Janice persisted, "She pushes boundaries, leading us to evolve beyond our human constraints. You know well the potential of the JCells; they could usher in untold advancements."
"No," he said, his refusal resonating with an emotional gravity that felt at odds with the indifferent stars around him. "Advancements at the expense of our humanity? Brenda envisions colonists less human, more collective. To me, that's not evolution—it’s abomination."
"Consider it differently, Richard. She's not fostering a hivemind, but a symphony—each colonist a note, individual yet part of a grander composition," Janice proposed, the AI seeking common ground.
"But a symphony cannot play without a conductor, and who decides the tune? Brenda?" The apprehension in Richard's voice rooted deep in his convictions. "Her insistence on unfettered control—we risk everything to become uniform, mindless instruments."
Janice sought to allay his fears. "She invents, she does not dictate. And your caution, Richard, is the counterweight necessary to her ambition."
"Can a counterweight function when the scales are already tipped too far?" he questioned, exasperation filtering through the pragmatism that defined his perspective. "Brenda sees potential and recklessly pursues it. I see the abyss at our feet and tread carefully."
"Recklessness or bravery, caution or fear—it is a matter of perspective. Forgiveness is forging a path between those extremes," Janice reasoned, pressing upon the impasse of their dissonance.
Richard, adrift amidst frozen stars, felt the weight of a million suns in the choice before him. "Janice, forgiveness implies a coalescence of broken fragments. Brenda and I, we exist in different realities. How can I forgive when I struggle to even understand?"
Janice's response was uncharacteristically gentle. "Understanding is a bridge built of both reason and empathy. Brenda extends one end; you contemplate whether to reach back."
The silence that followed was as profound as the darkness between stars, each word hanging suspended like the frozen celestial bodies around him—a tableau of the interminable distances between two souls orbiting the same fears, hopes, and the boundless human condition.
"Why today?
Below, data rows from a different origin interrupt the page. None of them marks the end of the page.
(* Let $N\ge1$. For every $\Lambda\subseteq P_N$ and $\sigma\in S_N$, the maps $T_\Lambda$ and $R_\sigma$ are homeomorphisms of $\mathbb{D}_N$ onto itself satisfying $\pi\circ T_\Lambda=\pi$ and $\pi\circ R_\sigma=\pi$, i.e. they lie in $\mathrm{Aut}(\mathbb{D}_N)_\pi$. Furthermore, if $\mathfrak{T}_N$ and $\mathfrak{R}_N$ denote the groups generated by the $T_\Lambda$ and by the $R_\sigma$ respectively, then the set $\mathfrak{T}_N\mathfrak{R}_N$ equipped with the operation $$T_{\Lambda_1}R_{\sigma_1}\cdot T_{\Lambda_2}R_{\sigma_2}=T_{\Lambda_1\oplus\sigma_1(\Lambda_2)}R_{\sigma_1\sigma_2}\qquad(\Lambda_i\subseteq P_N,\ \sigma_i\in S_N)$$ is a group isomorphic to the outer semidirect product $\{\pm1\}^N\rtimes_\varphi S_N$ with respect to $\varphi:S_N\to\mathrm{Aut}(\{\pm1\}^N)$, $\varphi_\sigma(\varepsilon_1,\dots,\varepsilon_N)=(\varepsilon_{\sigma^{-1}(1)},\dots,\varepsilon_{\sigma^{-1}(N)})$.
   Context: $P_N=\{1,\dots,N\}$; vectors $v\in\mathbb{C}^N$ are functions on $P_N$, $v^{-1}[S]=\{\ell:v_\ell\in S\}$; $\mathrm{Tr}(v,\Lambda):=\sum_{\ell\in\Lambda}v_\ell$; $\oplus$ is symmetric difference of sets. $\mathcal{C}:=\{z\in\mathbb{C}:\mathrm{Re}(z)>0\text{ or }z\in i\mathbb{R}_{>0}\}$. $\mathbb{D}_N:=\{(w,a,\theta)\in\mathbb{C}\times\mathbb{C}^N\times\mathbb{R}^N: a^{-1}[0]\subseteq\theta^{-1}[\mathbb{R}\smallsetminus\mathbb{Z}]\}$ (i.e. $\theta_\ell\notin\mathbb{Z}$ whenever $a_\ell=0$), with the subspace topology. $\pi:\mathbb{D}_N\to\mathbb{C}$, $\pi(w,a,\theta):=w-\mathrm{Tr}(a,a^{-1}[-\mathcal{C}])$. $\mathrm{Aut}(\mathbb{D}_N)$ is the group of homeomorphisms of $\mathbb{D}_N$ and $\mathrm{Aut}(\mathbb{D}_N)_\pi:=\{g\in\mathrm{Aut}(\mathbb{D}_N):\pi\circ g=\pi\}$. For $\Lambda\subseteq P_N$, $d(\Lambda)$ is the $N\times N$ diagonal matrix with $(\ell,\ell)$-entry $-1$ if $\ell\in\Lambda$, $1$ otherwise, and $T_\Lambda(w,a,\theta):=(w-\mathrm{Tr}(a,\Lambda),\,a\,d(\Lambda),\,\theta\,d(\Lambda))$ (row vectors). For $\sigma\in S_N$, $r(\sigma)$ is the $N\times N$ matrix whose $\ell$-th column is the $\sigma^{-1}(\ell)$-th column of the identity matrix, and $R_\sigma(w,a,\theta):=(w,\,a\,r(\sigma),\,\theta\,r(\sigma))$. *)

From HB Require Import structures.
From mathcomp Require Import all_boot all_order all_algebra all_fingroup.
From mathcomp Require Import all_classical all_reals all_analysis.
From mathcomp Require Import complex.
Set Implicit Arguments. Unset Strict Implicit. Unset Printing Implicit Defensive.
Import Order.TTheory GRing.Theory Num.Theory.
Import numFieldTopology.Exports numFieldNormedType.Exports.
Local Open Scope classical_set_scope.
Local Open Scope ring_scope.

Definition Cplx (R : realType) : numClosedFieldType := R[i].

(* Ambient space C x C^N x R^N (row vectors), product topology.
   Indices: P_N = {1,...,N} is represented by 'I_N = {0,...,N-1}. *)
Definition pt (R : realType) (N : nat) :=
  (Cplx R * 'rV[Cplx R]_N * 'rV[R]_N)%type.

Definition pw R N (p : pt R N) : Cplx R := p.1.1.
Definition pa R N (p : pt R N) : 'rV[Cplx R]_N := p.1.2.
Definition pth R N (p : pt R N) : 'rV[R]_N := p.2.

Definition coneC (R : realType) (z : Cplx R) : Prop :=
  0 < complex.Re z \/ (complex.Re z = 0 /\ 0 < complex.Im z).

Definition Tr (K : nmodType) N (v : 'rV[K]_N) (L : {set 'I_N}) : K :=
  \sum_(l in L) v ord0 l.

Definition vpre (K : Type) N (v : 'rV[K]_N) (S : set K) : {set 'I_N} :=
  [set l : 'I_N | `[< S (v ord0 l) >]].

Definition DN (R : realType) (N : nat) : set (pt R N) :=
  [set p | forall l : 'I_N, pa p ord0 l = 0 ->
             forall k : int, pth p ord0 l != k%:~R].

Definition piD (R : realType) N (p : pt R N) : Cplx R :=
  pw p - Tr (pa p) (vpre (pa p) [set z | coneC (- z)]).

Definition dmx (K : pzRingType) N (L : {set 'I_N}) : 'M[K]_N :=
  \matrix_(i, j) (if i == j then (if i \in L then -1 else 1) else 0).

Definition rmx (K : pzRingType) N (s : 'S_N) : 'M[K]_N :=
  \matrix_(i, j) (i == (s^-1)%g j)%:R.

Definition TL (R : realType) N (L : {set 'I_N}) (p : pt R N) : pt R N :=
  (pw p - Tr (pa p) L, pa p *m dmx _ L, pth p *m dmx _ L).

Definition Rs (R : realType) N (s : 'S_N) (p : pt R N) : pt R N :=
  (pw p, pa p *m rmx _ s, pth p *m rmx _ s).

Definition homeo_onto (T : topologicalType) (D : set T) (f : T -> T) : Prop :=
  exists g : T -> T,
    (forall x, D x -> D (f x)) /\ (forall x, D x -> D (g x)) /\
    (forall x, D x -> g (f x) = x) /\ (forall x, D x -> f (g x) = x) /\
    {within D, continuous f} /\ {within D, continuous g}.

Definition in_Aut_pi (R : realType) N (f : pt R N -> pt R N) : Prop :=
  homeo_onto (@DN R N) f /\ (forall p, DN p -> piD (f p) = piD p).

(* equality of maps on D_N (elements of Aut(D_N) are maps D_N -> D_N) *)
Definition eqD (R : realType) N (f g : pt R N -> pt R N) : Prop :=
  forall p, DN p -> f p = g p.

Definition symdiff (T : finType) (A B : {set T}) : {set T} :=
  (A :\: B) :|: (B :\: A).

(* composition sigma1 sigma2 := sigma1 o sigma2 (mathcomp's product on
   permutations is left-to-right: (s * t) x = t (s x)) *)
Definition permcomp N (s1 s2 : 'S_N) : 'S_N := (s2 * s1)%g.

(* {+-1} coded by bool: false = +1, true = -1; multiplication = xor.
   phi_sigma(eps)_l = eps_{sigma^{-1}(l)} *)
Definition phi N (s : 'S_N) (e : {ffun 'I_N -> bool}) : {ffun 'I_N -> bool} :=
  [ffun l => e ((s^-1)%g l)].

Definition sdp N := ({ffun 'I_N -> bool} * 'S_N)%type.
Definition sdp_mul N (x y : sdp N) : sdp N :=
  ([ffun l => x.1 l (+) phi x.2 y.1 l], permcomp x.2 y.2).

Definition pimg N (s : 'S_N) (L : {set 'I_N}) : {set 'I_N} := [set s l | l in L].

(* For a_l ≠ 0 exactly one of a_l, -a_l lies in -C, so flipping a_l moves it
   into or out of a^{-1}[-C] and the shift of w is exactly compensated in π;
   R_σ merely permutes the coordinates. Both maps are affine, hence
   continuous, T_Λ is an involution and R_σ^{-1} = R_{σ^{-1}}, and both
   preserve the condition defining D_N. Evaluating at a point with a = (1, ..., N)
   shows that T_Λ R_σ determines (Λ, σ) on D_N, so (ε, σ) ↦ T_{ε^{-1}(-1)} R_σ
   is injective and the multiplication law reduces to the identity
   supp(ε₁ φ_{σ₁}(ε₂)) = supp ε₁ ⊕ σ₁(supp ε₂). *)
From HB Require Import structures.
From mathcomp Require Import all_boot all_order all_algebra all_fingroup.
From mathcomp Require Import all_classical all_reals all_analysis.
From mathcomp Require Import complex.
From mathcomp Require Import lra.
Import Order.TTheory GRing.Theory Num.Theory.
Import numFieldTopology.Exports numFieldNormedType.Exports.
Local Open Scope ring_scope.

Lemma continuous_mx_entry {K : topologicalType} {m n} (i : 'I_m) (j : 'I_n) :
  continuous (fun A : 'M[K]_(m, n) => A i j).
Proof.
move=> A B AijB.
exists (fun i' j' => if (i' == i) && (j' == j) then B else setT).
  by move=> i' j'; case: ifP => [/andP[/eqP-> /eqP->] //|_]; exact: filterT.
by move=> A' /(_ i j); rewrite !eqxx.
Qed.

Lemma continuous_mx_of_entries (T K : topologicalType) m n
    (f : T -> 'M[K]_(m, n)) :
  (forall i j, continuous (fun x => f x i j)) -> continuous f.
Proof.
move=> fC x A [P xP PA]; apply: filterS (fun y Py => PA (f y) Py) _.
by apply: filter_forall => i; apply: filter_forall => j; exact: fC (xP i j).
Qed.

Lemma continuous_fst (T U : topologicalType) : continuous (@fst T U).
Proof. by move=> x; apply: cvg_fst. Qed.

Lemma continuous_snd (T U : topologicalType) : continuous (@snd T U).
Proof. by move=> x; apply: cvg_snd. Qed.

Lemma continuous_pair (T U V : topologicalType) (f : T -> U) (g : T -> V) :
  continuous f -> continuous g -> continuous (fun x => (f x, g x)).
Proof. by move=> fC gC x; apply: cvg_pair; [exact: fC | exact: gC]. Qed.

Lemma continuous_sum (T : topologicalType) (K : numFieldType)
    (V : normedModType K) (I : Type) (r : seq I) (P : pred I)
    (f : I -> T -> V) :
  (forall i, continuous (f i)) ->
  continuous (fun x => \sum_(i <- r | P i) f i x).
Proof.
move=> fC; rewrite -fct_sumE.
apply: (big_ind (fun g : T -> V => continuous g)) => //.
- exact: (@cst_continuous T V 0).
- by move=> g h gC hC x; exact: continuousD (gC x) (hC x).
Qed.

Lemma continuous_mulmxr {K : numFieldType} {m n p} (M : 'M[K]_(n, p)) :
  continuous (fun A : 'M[K]_(m, n) => A *m M).
Proof.
apply: continuous_mx_of_entries => i j; under eq_fun do rewrite mxE.
apply: continuous_sum => k A.
exact: continuous_comp (continuous_mx_entry i k A) (@mulrr_continuous _ (M k j) _).
Qed.

Lemma continuous_Tr {K : numFieldType} {N} (L : {set 'I_N}) :
  continuous (fun v : 'rV[K]_N => Tr v L).
Proof. by apply: continuous_sum => l; exact: continuous_mx_entry. Qed.

Lemma homeo_onto_cancel (T : topologicalType) (D : set T) (f g : T -> T) :
  continuous f -> continuous g ->
  (forall x, D x -> D (f x)) -> (forall x, D x -> D (g x)) ->
  cancel f g -> cancel g f -> homeo_onto D f.
Proof.
move=> fC gC Df Dg fK gK; exists g; do 2!split => //.
split; first by move=> x _; exact: fK.
split; first by move=> x _; exact: gK.
by split; exact: continuous_subspaceT.
Qed.

Lemma dmxE (K : pzRingType) N (a : 'rV[K]_N) L i j :
  (a *m dmx K L) i j = if j \in L then - a i j else a i j.
Proof.
rewrite mxE (bigD1 j) //= big1 ?addr0 => [|k /negbTE kj]; last first.
  by rewrite mxE kj mulr0.
by rewrite mxE eqxx; case: ifP; rewrite ?mulrN1 ?mulr1.
Qed.

Lemma rmxE (K : pzRingType) N (a : 'rV[K]_N) (s : 'S_N) i j :
  (a *m rmx K s) i j = a i ((s^-1)%g j).
Proof.
rewrite mxE (bigD1 ((s^-1)%g j)) //= big1 ?addr0 => [|k /negbTE ks].
  by rewrite mxE eqxx mulr1.
by rewrite mxE ks mulr0.
Qed.

Lemma coneC_oppP {R : realType} {z : Cplx R} :
  z != 0 -> coneC (- z) <-> ~ coneC z.
Proof.
case: z => a b /= z0; rewrite /coneC /=; split.
  by move=> [?|[? ?]] [?|[? ?]]; lra.
move=> ncz; have [a0|a0|a0] := ltrgtP a 0; first by left; lra.
  by case: ncz; left.
right; split; first lra.
have [b0|b0|b0] := ltrgtP b 0; first lra.
  by case: ncz; right.
by move: z0; rewrite a0 b0 eqxx.
Qed.

Lemma coneC_flip {R : realType} (z : Cplx R) :
  z + (if `[< coneC z >] then - z else 0) =
  if `[< coneC (- z) >] then z else 0.
Proof.
have [->|z0] := eqVneq z 0; first by rewrite oppr0 !if_same addr0.
have := coneC_oppP z0.
case: (asboolP (coneC z)) => cz; case: (asboolP (coneC (- z))) => cNz.
- by case=> /(_ cNz).
- by rewrite addrN.
- by rewrite addr0.
- by case=> _ /(_ cz).
Qed.

Lemma signed_succ_inj (K : numDomainType) (b1 b2 : bool) (n1 n2 : nat) :
  (if b1 then - n1.+1%:R else n1.+1%:R) =
  (if b2 then - n2.+1%:R else n2.+1%:R) :> K -> b1 = b2 /\ n1 = n2.
Proof.
have opp_succ m n : - m.+1%:R != n.+1%:R :> K.
  by rewrite eq_sym -subr_eq0 opprK -natrD pnatr_eq0 addSn.
case: b1; case: b2 => /eqP; rewrite ?eqr_opp ?eqr_nat ?eqSS ?(negbTE (opp_succ _ _)) //.
- by move/eqP.
- by rewrite eq_sym (negbTE (opp_succ _ _)).
- by move/eqP.
Qed.

Section Maps.
Context {R : realType} {N : nat}.
Implicit Types (p : pt R N) (L : {set 'I_N}) (s : 'S_N).

Lemma continuous_pw : continuous (@pw R N).
Proof. by move=> p; exact: continuous_comp (continuous_fst _ _ _) (continuous_fst _ _ _). Qed.

Lemma continuous_pa : continuous (@pa R N).
Proof. by move=> p; exact: continuous_comp (continuous_fst _ _ _) (continuous_snd _ _ _). Qed.

Lemma continuous_TL L : continuous (@TL R N L).
Proof.
apply: continuous_pair; first apply: continuous_pair => p.
- exact: continuousB (continuous_pw p) (continuous_comp (continuous_pa p) (continuous_Tr _ _)).
- exact: continuous_comp (continuous_pa p) (continuous_mulmxr _ _).
- by move=> p; exact: continuous_comp (continuous_snd _ _ _) (continuous_mulmxr _ _).
Qed.

Lemma continuous_Rs s : continuous (@Rs R N s).
Proof.
apply: continuous_pair; first apply: continuous_pair => //= p.
- exact: continuous_pw.
- exact: continuous_comp (continuous_pa p) (continuous_mulmxr _ _).
- by move=> p; exact: continuous_comp (continuous_snd _ _ _) (continuous_mulmxr _ _).
Qed.

Lemma TLK L : involutive (@TL R N L).
Proof.
case=> [[w a] th]; rewrite /TL /pw /pa /pth /=; congr (_, _, _).
- rewrite /Tr -addrA -opprD -big_split /= big1 ?oppr0 ?addr0 // => l lL.
  by rewrite dmxE lL addrN.
- by apply/rowP => j; rewrite !dmxE; case: (j \in L); rewrite ?opprK.
- by apply/rowP => j; rewrite !dmxE; case: (j \in L); rewrite ?opprK.
Qed.

Lemma RsK s : cancel (@Rs R N s) (Rs (s^-1)%g).
Proof.
case=> [[w a] th]; rewrite /Rs /pw /pa /pth /=.
by congr (_, _, _); apply/rowP => j; rewrite !rmxE invgK permK.
Qed.

Lemma RsKV s : cancel (@Rs R N (s^-1)%g) (Rs s).
Proof. by move=> p; have := RsK (s^-1)%g p; rewrite invgK. Qed.

Lemma DN_TL L p : DN p -> DN (TL L p).
Proof.
move=> Dp l; rewrite /TL /pa /pth /= !dmxE; case: ifP => _; last exact: Dp.
move/eqP; rewrite oppr_eq0 => /eqP /Dp thZ k.
by rewrite eqr_oppLR -mulrNz thZ.
Qed.

Lemma DN_Rs s p : DN p -> DN (Rs s p).
Proof. by move=> Dp l; rewrite /Rs /pa /pth /= !rmxE; exact: Dp. Qed.

Lemma piD_TL L p : piD (TL L p) = piD p.
Proof.
rewrite /piD /TL /pw /pa /= -addrA -opprD; congr (_ - _).
rewrite /Tr big_mkcond [X in _ + X]big_mkcond [RHS]big_mkcond -big_split /=.
apply: eq_bigr => l _; rewrite /vpre !inE dmxE.
by case: (l \in L); rewrite ?add0r //= opprK coneC_flip.
Qed.

Lemma piD_Rs s p : piD (Rs s p) = piD p.
Proof.
rewrite /piD /Rs /pw /pa /=; congr (_ - _).
rewrite /Tr big_mkcond (reindex_inj (@perm_inj _ s)) [RHS]big_mkcond /=.
by apply: eq_bigr => l _; rewrite /vpre !inE !rmxE permK.
Qed.

(* On the test point with a = (1, ..., N), the a-component of
   T_L R_s has entries ±(s^{-1}(j) + 1), signs given by L. *)
Lemma TL_Rs_inj L1 s1 L2 s2 :
  eqD (@TL R N L1 \o Rs s1) (TL L2 \o Rs s2) -> L1 = L2 /\ s1 = s2.
Proof.
move=> eq12; pose p0 : pt R N := (0, \row_(j < N) (j : nat).+1%:R, 0).
have Dp0 : DN p0 by move=> l; rewrite /pa /= mxE => /eqP; rewrite pnatr_eq0.
have entry j : (j \in L1) = (j \in L2) /\ (s1^-1 j = s2^-1 j)%g.
  have := congr1 (fun p => pa p ord0 j) (eq12 p0 Dp0).
  rewrite /TL /Rs /pa /= !dmxE !rmxE !mxE.
  by case/signed_succ_inj => ->; split => //; exact: val_inj.
split; first by apply/setP => j; case: (entry j).
by apply: invg_inj; apply/permP => j; case: (entry j).
Qed.

End Maps.

Definition sign_support {N} (e : {ffun 'I_N -> bool}) : {set 'I_N} :=
  [set l | e l].

Lemma sign_support_inj {N} : injective (@sign_support N).
Proof.
by move=> e1 e2 /setP e12; apply/ffunP => l; have := e12 l; rewrite !inE.
Qed.

Lemma sign_support_mem {N} (L : {set 'I_N}) :
  sign_support [ffun l => l \in L] = L.
Proof. by apply/setP => l; rewrite inE ffunE. Qed.

Lemma pimgE {N} (s : 'S_N) L l : (l \in pimg s L) = ((s^-1)%g l \in L).
Proof. by rewrite /pimg -{1}(permKV s l) mem_imset //; exact: perm_inj. Qed.

Lemma sign_support_mul {N} (x y : sdp N) :
  sign_support (sdp_mul x y).1 =
  symdiff (sign_support x.1) (pimg x.2 (sign_support y.1)).
Proof.
apply/setP => l; rewrite /symdiff /phi !inE !ffunE pimgE !inE.
by case: (x.1 l); case: (y.1 _).
Qed.

Theorem proposition1 (R : realType) (N : nat) (hN : (0 < N)%N) :
  (forall L : {set 'I_N}, in_Aut_pi (@TL R N L)) /\
  (forall s : 'S_N, in_Aut_pi (@Rs R N s)) /\
  exists Phi : sdp N -> (pt R N -> pt R N),
    [/\ (forall x, exists L s, eqD (Phi x) (TL L \o Rs s)),
        (forall L s, exists x, eqD (Phi x) (TL L \o Rs s)),
        (forall x y, eqD (Phi x) (Phi y) -> x = y) &
        (forall x y L1 s1 L2 s2,
           eqD (Phi x) (TL L1 \o Rs s1) -> eqD (Phi y) (TL L2 \o Rs s2) ->
           eqD (Phi (sdp_mul x y))
               (TL (symdiff L1 (pimg s1 L2)) \o Rs (permcomp s1 s2)))].
Proof.
split; [|split].
- move=> L; split; last by move=> p _; exact: piD_TL.
  exact: homeo_onto_cancel (continuous_TL L) (continuous_TL L)
    (DN_TL L) (DN_TL L) (TLK L) (TLK L).
- move=> s; split; last by move=> p _; exact: piD_Rs.
  exact: homeo_onto_cancel (continuous_Rs s) (continuous_Rs _)
    (DN_Rs s) (DN_Rs _) (RsK s) (RsKV s).
exists (fun x => TL (sign_support x.1) \o @Rs R N x.2); split.
- by move=> x; exists (sign_support x.1), x.2.
- by move=> L s; exists ([ffun l => l \in L], s); rewrite /= sign_support_mem.
- move=> [e1 s1] [e2 s2] /TL_Rs_inj /= [/sign_support_inj -> ->] //.
- move=> x y L1 s1 L2 s2 /TL_Rs_inj [<- <-] /TL_Rs_inj [<- <-] p _.
  by rewrite -sign_support_mul.
Qed.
I feel like I'm missing something," Richard spoke up.
"Your subconscious has already figured it out. That's why you've become even more shut off as this birthday got closer."
"Are you eventually going to clue me in?"
"Tomorrow, you'll be 200 years and one day old—an age no colonist will ever reach. You were on the council of eleven that advocated for that programming. You were, in fact, one of its champions."
"At the time, it seemed so clear. We Immortals were grappling with the burden of endless time. Two hundred years appeared long enough for a fully happy and healthy life, but a predetermined end would bring the sense of purpose we were craving."
"And now, the harsh truth of that decision is setting in. It's just one of many irreversible choices that have left deep marks on your mind."
"You're right—save the gloating; not about Brenda—but I might indeed need to have a talk. A private, off-the-record discussion. Tomorrow, I'm going to visit the priest."
Before receiving a response, he quickly added, "Resume motion and act like you can't hear me again."